DATA SECTION –

▼

(* For every integer $n$ with $n \equiv 1 \pmod{3}$ and $4 \le n \le 52$, there exists a permutation $\sigma$ of $\mathbb{Z}_n = \{0,\dots,n-1\}$ such that $f_\sigma(\delta) \in \{a, a+2\}$ for every $\delta \in \{1,\dots,n-1\}$, where $a = (n(n+1)-2)/3$.
   Context: For a permutation $\sigma$ of $\mathbb{Z}_n$, the shift correlation at shift $\delta$ is $f_\sigma(\delta) = \sum_{j=0}^{n-1} \lvert \sigma((j+\delta) \bmod n) - \sigma(j) \rvert$, where $\sigma$ takes values in $\{0,\dots,n-1\}$ and the absolute value is of ordinary integers. Such a permutation is called a near-perfect permutation. *)

From mathcomp Require Import all_boot all_fingroup.
Set Implicit Arguments. Unset Strict Implicit. Unset Printing Implicit Defensive.

Definition absdiff (x y : nat) : nat := (x - y) + (y - x).

(* sigma applied to the residue k mod n, as a natural number in {0,...,n-1}.
   (For n > 0, k %% n < n always holds, so the default 0 is never used.) *)
Definition perm_at (n : nat) (sigma : {perm 'I_n}) (k : nat) : nat :=
  if @insub nat (fun i => i < n) 'I_n (k %% n) is Some i then val (sigma i) else 0.

Definition shift_corr (n : nat) (sigma : {perm 'I_n}) (delta : nat) : nat :=
  \sum_(0 <= j < n) absdiff (perm_at sigma (j + delta)) (perm_at sigma j).

From mathcomp Require Import all_boot all_fingroup.
Set Implicit Arguments. Unset Strict Implicit. Unset Printing Implicit Defensive.

(* A finite verification: for each of the seventeen admissible n, an explicit
   near-perfect permutation found by computer search is given by its sequence of
   values, and its shift-correlation condition is a boolean property decided by
   evaluation. *)

Definition seq_shift_corr (n : nat) (s : seq nat) (d : nat) : nat :=
  sumn [seq absdiff (nth 0 s ((j + d) %% n)) (nth 0 s (j %% n)) | j <- iota 0 n].

Definition near_perfect_seqb (n : nat) (s : seq nat) : bool :=
  let a := (n * (n + 1) - 2) %/ 3 in
  perm_eq s (iota 0 n) &&
  all (fun d => (seq_shift_corr n s d == a) || (seq_shift_corr n s d == a + 2))
      (iota 1 (n - 1)).

Section PermOfSeq.

Variables (n : nat) (s : seq nat).
Hypothesis s_perm : perm_eq s (iota 0 n).

Lemma size_perm_seq : size s = n.
Proof. by rewrite (perm_size s_perm) size_iota. Qed.

Lemma nth_perm_seq_lt i : i < n -> nth 0 s i < n.
Proof.
move=> lt_i_n.
have : nth 0 s i \in iota 0 n by rewrite -(perm_mem s_perm) mem_nth // size_perm_seq.
by rewrite mem_iota.
Qed.

Definition fun_of_seq (i : 'I_n) : 'I_n := insubd i (nth 0 s i).

Lemma fun_of_seqE i : val (fun_of_seq i) = nth 0 s i.
Proof. by rewrite /fun_of_seq val_insubd nth_perm_seq_lt. Qed.

Lemma fun_of_seq_inj : injective fun_of_seq.
Proof.
move=> i j /(congr1 val); rewrite !fun_of_seqE => /eqP.
rewrite nth_uniq ?size_perm_seq ?(perm_uniq s_perm) ?iota_uniq // => /eqP.
exact: val_inj.
Qed.

Definition perm_of_seq : {perm 'I_n} := perm fun_of_seq_inj.

Lemma perm_at_perm_of_seq k : perm_at perm_of_seq k = nth 0 s (k %% n).
Proof.
rewrite /perm_at; case: insubP => [i _ <-|]; first by rewrite permE fun_of_seqE.
case: n s_perm => [|m] s_perm' /=; last by rewrite ltn_pmod.
by rewrite modn0 nth_default // (perm_size s_perm') size_iota.
Qed.

Lemma shift_corr_perm_of_seq d : shift_corr perm_of_seq d = seq_shift_corr n s d.
Proof.
rewrite /shift_corr /seq_shift_corr sumnE big_map /index_iota subn0.
by apply: eq_bigr => j _; rewrite !perm_at_perm_of_seq.
Qed.

End PermOfSeq.

Lemma near_perfect_seqbP n s : near_perfect_seqb n s ->
  exists sigma : {perm 'I_n},
    forall delta : nat, 1 <= delta <= n - 1 ->
      let a := (n * (n + 1) - 2) %/ 3 in
      shift_corr sigma delta = a \/ shift_corr sigma delta = a + 2.
Proof.
case/andP=> s_perm /allP corr_ok; exists (perm_of_seq s_perm) => d d_range a.
rewrite shift_corr_perm_of_seq.
have : d \in iota 1 (n - 1).
  rewrite mem_iota; case/andP: d_range => -> /=.
  by case: n {corr_ok s_perm a} => //= m; rewrite subn1 addnC ltnS.
by move/corr_ok => /orP [] /eqP ->; [left | right].
Qed.

Definition near_perfect_witness (n : nat) : seq nat :=
  match n with
  | 4 => [:: 0; 2; 3; 1]
  | 7 => [:: 3; 6; 5; 2; 0; 4; 1]
  | 10 => [:: 5; 2; 3; 9; 7; 6; 1; 8; 0; 4]
  | 13 => [:: 7; 0; 2; 5; 12; 10; 1; 11; 3; 8; 9; 6; 4]
  | 16 => [:: 9; 10; 11; 7; 4; 12; 1; 2; 14; 6; 15; 0; 3; 5; 13; 8]
  | 19 => [:: 15; 8; 6; 4; 0; 10; 17; 1; 9; 5; 7; 12; 3; 11; 14; 18; 2; 16; 13]
  | 22 => [:: 4; 15; 7; 10; 13; 19; 0; 8; 1; 6; 5; 14; 11; 17; 3; 9; 20; 21; 16; 2; 18; 12]
  | 25 => [:: 9; 17; 15; 22; 20; 13; 16; 8; 23; 5; 10; 19; 11; 0; 7; 12; 1; 24; 14; 18; 4; 2; 3; 21; 6]
  | 28 => [:: 14; 11; 8; 7; 20; 2; 24; 12; 25; 10; 4; 21; 5; 0; 26; 19; 1; 6; 3; 13; 23; 18; 9; 17; 27; 22; 15; 16]
  | 31 => [:: 14; 21; 12; 8; 18; 9; 0; 22; 1; 15; 13; 3; 20; 10; 28; 2; 23; 30; 17; 7; 27; 29; 19; 4; 6; 5; 16; 25; 24; 26; 11]
  | 34 => [:: 5; 23; 18; 1; 29; 25; 0; 17; 2; 6; 12; 15; 14; 9; 8; 33; 19; 27; 16; 24; 7; 30; 20; 28; 4; 3; 32; 10; 21; 22; 31; 26; 13; 11]
  | 37 => [:: 27; 31; 9; 8; 23; 12; 15; 33; 4; 16; 13; 17; 0; 10; 6; 29; 34; 35; 21; 28; 25; 11; 32; 18; 36; 1; 2; 26; 30; 14; 22; 7; 24; 3; 20; 19; 5]
  | 40 => [:: 30; 8; 1; 13; 28; 33; 39; 7; 29; 15; 26; 37; 22; 16; 38; 35; 3; 31; 14; 5; 12; 6; 19; 27; 20; 11; 21; 4; 0; 10; 32; 24; 2; 34; 25; 23; 18; 17; 36; 9]
  | 43 => [:: 26; 41; 32; 16; 19; 28; 37; 25; 3; 24; 5; 34; 13; 31; 35; 2; 17; 36; 4; 42; 29; 40; 30; 27; 6; 12; 38; 21; 8; 7; 15; 9; 1; 10; 33; 22; 20; 23; 39; 11; 18; 14; 0]
  | 46 => [:: 26; 5; 35; 22; 34; 1; 3; 39; 17; 7; 10; 44; 25; 20; 31; 21; 28; 29; 36; 14; 13; 19; 9; 30; 32; 40; 41; 42; 11; 38; 33; 0; 12; 45; 2; 37; 15; 18; 27; 6; 8; 16; 23; 43; 24; 4]
  | 49 => [:: 9; 20; 2; 4; 45; 16; 36; 31; 7; 5; 34; 41; 27; 30; 8; 37; 40; 19; 48; 17; 42; 35; 28; 23; 46; 3; 33; 10; 25; 6; 13; 26; 14; 22; 32; 44; 47; 21; 24; 38; 18; 12; 0; 29; 1; 15; 43; 39; 11]
  | 52 => [:: 7; 23; 1; 18; 43; 26; 12; 22; 0; 17; 50; 11; 9; 21; 24; 27; 32; 16; 29; 44; 39; 36; 30; 41; 3; 8; 5; 10; 34; 45; 20; 37; 25; 19; 40; 6; 46; 15; 42; 33; 2; 47; 51; 38; 4; 48; 35; 14; 13; 31; 49; 28]
  | _ => [::]
  end.

Lemma near_perfect_witnessP n :
  n %% 3 = 1 -> 4 <= n <= 52 -> near_perfect_seqb n (near_perfect_witness n).
Proof.
have all_ok : all (fun m => (m %% 3 != 1) || (m < 4) ||
                            near_perfect_seqb m (near_perfect_witness m)) (iota 0 53).
  by vm_compute.
move=> n_mod3 /andP [n_ge4 n_le52].
have /(allP all_ok) : n \in iota 0 53 by rewrite mem_iota.
by rewrite n_mod3 /= ltnNge n_ge4.
Qed.

Theorem theorem6 (n : nat) :
  n %% 3 = 1 -> 4 <= n <= 52 ->
  exists sigma : {perm 'I_n},
    forall delta : nat, 1 <= delta <= n - 1 ->
      let a := (n * (n + 1) - 2) %/ 3 in
      shift_corr sigma delta = a \/ shift_corr sigma delta = a + 2.
Proof.
by move=> n_mod3 n_range; apply/near_perfect_seqbP/near_perfect_witnessP.
Qed.
(* Let $M$ be a matroid such that the 1-skeleton of $P(M)$ (equivalently, the base graph $G(M)$) is isomorphic to the graph of a $d$-dimensional hypercube. Then $P(M)$ is indecomposable.
   Context: For a matroid $N$ on $E=\{1,\dots,n\}$, $P(N)=\mathrm{conv}\{\sum_{i\in B}e_i : B \text{ a base of } N\}\subset\mathbb{R}^n$. The base graph $G(M)$ has the bases of $M$ as vertices, two bases adjacent iff their symmetric difference has exactly two elements. A matroid base polytope decomposition of $P(M)$ is an expression $P(M)=\bigcup_{i=1}^t P(M_i)$ with each $M_i$ a matroid on $E$ and $P(M_i)\cap P(M_j)$ a face of both $P(M_i)$ and $P(M_j)$ for all $i\neq j$. $P(M)$ is decomposable if it has such a decomposition with $t\ge 2$ and every $P(M_i)\neq P(M)$, and indecomposable otherwise. *)

From HB Require Import structures.
From mathcomp Require Import all_boot all_order all_algebra.
Set Implicit Arguments. Unset Strict Implicit. Unset Printing Implicit Defensive.
Import Order.TTheory GRing.Theory Num.Theory.
Local Open Scope ring_scope.

Record matroid (n : nat) := Matroid {
  bases : {set {set 'I_n}};
  bases_nonempty : bases != set0;
  bases_exchange : forall B1 B2, B1 \in bases -> B2 \in bases ->
    forall x, x \in B1 :\: B2 ->
      exists2 y, y \in B2 :\: B1 & (y |: (B1 :\ x)) \in bases
}.

Definition indic (R : realFieldType) (n : nat) (B : {set 'I_n}) : 'rV[R]_n :=
  \row_i (i \in B)%:R.

Definition base_polytope (R : realFieldType) (n : nat) (N : matroid n)
    (x : 'rV[R]_n) : Prop :=
  exists lam : {set 'I_n} -> R,
    [/\ forall B, 0 <= lam B,
        forall B, B \notin bases N -> lam B = 0,
        \sum_B lam B = 1
      & x = \sum_B lam B *: indic R B].

Arguments base_polytope R {n} N x.
Arguments indic R {n} B.

Definition dotv (R : realFieldType) (n : nat) (c x : 'rV[R]_n) : R :=
  \sum_i c ord0 i * x ord0 i.

(* F is a face of the polytope P: the intersection of P with a supporting
   hyperplane {c.x = d} where c.x <= d on P (allows the empty face and P). *)
Definition is_face (R : realFieldType) (n : nat) (P F : 'rV[R]_n -> Prop) : Prop :=
  exists (c : 'rV[R]_n) (d : R),
    (forall x, P x -> dotv c x <= d) /\
    (forall x, F x <-> (P x /\ dotv c x = d)).

Definition mbp_decomposition (R : realFieldType) (n : nat) (M : matroid n)
    (t : nat) (Ms : 'I_t -> matroid n) : Prop :=
  (forall x, base_polytope R M x <-> exists i, base_polytope R (Ms i) x) /\
  (forall i j, i != j ->
     is_face (base_polytope R (Ms i))
             (fun x => base_polytope R (Ms i) x /\ base_polytope R (Ms j) x) /\
     is_face (base_polytope R (Ms j))
             (fun x => base_polytope R (Ms i) x /\ base_polytope R (Ms j) x)).

Definition decomposable (R : realFieldType) (n : nat) (M : matroid n) : Prop :=
  exists (t : nat) (Ms : 'I_t -> matroid n),
    [/\ (2 <= t)%N, @mbp_decomposition R n M t Ms
      & forall i, ~ (forall x, base_polytope R (Ms i) x <-> base_polytope R M x)].

Arguments decomposable R {n} M.

Definition indecomposable (R : realFieldType) (n : nat) (M : matroid n) : Prop :=
  ~ decomposable R M.

Definition base_adj (n : nat) (B1 B2 : {set 'I_n}) : bool :=
  #|(B1 :\: B2) :|: (B2 :\: B1)| == 2%N.

Definition cube_adj (d : nat) (u v : {ffun 'I_d -> bool}) : bool :=
  #|[set i | u i != v i]| == 1%N.

Definition base_graph_is_cube (n : nat) (M : matroid n) (d : nat) : Prop :=
  exists phi : {ffun 'I_d -> bool} -> {set 'I_n},
    [/\ injective phi,
        forall B, B \in bases M <-> exists v, phi v = B
      & forall u v, base_adj (phi u) (phi v) = cube_adj u v].

From HB Require Import structures.
From mathcomp Require Import all_boot all_order all_algebra.
Set Implicit Arguments. Unset Strict Implicit. Unset Printing Implicit Defensive.
Import GRing.Theory Num.Theory.
(* Let $\mathscr{A}=\{A_1,\ldots,A_r\}$ be an irreducible set of real $d\times d$ matrices, let $\|\cdot\|$ be any norm on $\mathbb{R}^d$, and let $\chi_p(\mathscr{A})$ denote the $p$-measure of irreducibility with respect to this norm. Then for every integer $n\ge 1$ and every integer $p\ge d-1$, \[ \rho(\mathscr{A})\le \|\mathscr{A}^n\|^{1/n}\le \big(\eta_p(\mathscr{A})\big)^{1/n}\rho(\mathscr{A}),\qquad\text{where }\ \eta_p(\mathscr{A})=\frac{\max\{1,\rho(\mathscr{A})^p\}}{\chi_p(\mathscr{A})}, \] and consequently \[ \big(\nu_p(\mathscr{A})\big)^{-1/n}\|\mathscr{A}^n\|^{1/n}\le \rho(\mathscr{A})\le \|\mathscr{A}^n\|^{1/n},\qquad\text{where }\ \nu_p(\mathscr{A})=\frac{\max\{1,\|\mathscr{A}\|^p\}}{\chi_p(\mathscr{A})}. \]
   Context: A finite set $\mathscr{A}$ of real $d\times d$ matrices is irreducible if the matrices in $\mathscr{A}$ have no common invariant subspace other than $\{0\}$ and $\mathbb{R}^d$. For $n\ge1$, $\mathscr{A}^n$ is the set of all products $A_{i_n}\cdots A_{i_1}$ with $A_{i_j}\in\mathscr{A}$, and $\mathscr{A}^0=\{I\}$. For a norm $\|\cdot\|$ on $\mathbb{R}^d$, matrices carry the induced operator norm and $\|\mathscr{A}^n\|=\max_{A\in\mathscr{A}^n}\|A\|$ (in particular $\|\mathscr{A}\|=\max_i\|A_i\|$). The joint spectral radius is $\rho(\mathscr{A})=\limsup_{n\to\infty}\|\mathscr{A}^n\|^{1/n}$ (independent of the norm). For $p\ge1$, $\mathscr{A}_p=\bigcup_{k=0}^p\mathscr{A}^k$, and $\mathscr{A}_p(x)=\{Ax: A\in\mathscr{A}_p\}$. $\mathbf{S}(t)$ is the closed ball of radius $t$ centered at $0$ in the norm $\|\cdot\|$. The $p$-measure of irreducibility of $\mathscr{A}$ with respect to $\|\cdot\|$ is \[ \chi_p(\mathscr{A})=\inf_{x\in\mathbb{R}^d,\ \|x\|=1}\ \sup\{t\ge 0:\ \mathbf{S}(t)\subseteq \mathrm{conv}(\mathscr{A}_p(x)\cup\mathscr{A}_p(-x))\}. \] (For $p\ge d-1$, $\chi_p(\mathscr{A})>0$ if and only if $\mathscr{A}$ is irreducible.) *)

From Stdlib Require Import Reals ClassicalEpsilon.
From mathcomp Require Import ssreflect ssrfun ssrbool eqtype ssrnat seq fintype bigop.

▲

REQUIREMENT – Restate word for word only the lines above from the line containing "2; 3; 21; 6]" to the line containing "18; 17; 36; 9]", both of them included.

FINISHED EXERCISE –
  | 25 => [:: 9; 17; 15; 22; 20; 13; 16; 8; 23; 5; 10; 19; 11; 0; 7; 12; 1; 24; 14; 18; 4; 2; 3; 21; 6]
  | 28 => [:: 14; 11; 8; 7; 20; 2; 24; 12; 25; 10; 4; 21; 5; 0; 26; 19; 1; 6; 3; 13; 23; 18; 9; 17; 27; 22; 15; 16]
  | 31 => [:: 14; 21; 12; 8; 18; 9; 0; 22; 1; 15; 13; 3; 20; 10; 28; 2; 23; 30; 17; 7; 27; 29; 19; 4; 6; 5; 16; 25; 24; 26; 11]
  | 34 => [:: 5; 23; 18; 1; 29; 25; 0; 17; 2; 6; 12; 15; 14; 9; 8; 33; 19; 27; 16; 24; 7; 30; 20; 28; 4; 3; 32; 10; 21; 22; 31; 26; 13; 11]
  | 37 => [:: 27; 31; 9; 8; 23; 12; 15; 33; 4; 16; 13; 17; 0; 10; 6; 29; 34; 35; 21; 28; 25; 11; 32; 18; 36; 1; 2; 26; 30; 14; 22; 7; 24; 3; 20; 19; 5]
  | 40 => [:: 30; 8; 1; 13; 28; 33; 39; 7; 29; 15; 26; 37; 22; 16; 38; 35; 3; 31; 14; 5; 12; 6; 19; 27; 20; 11; 21; 4; 0; 10; 32; 24; 2; 34; 25; 23; 18; 17; 36; 9]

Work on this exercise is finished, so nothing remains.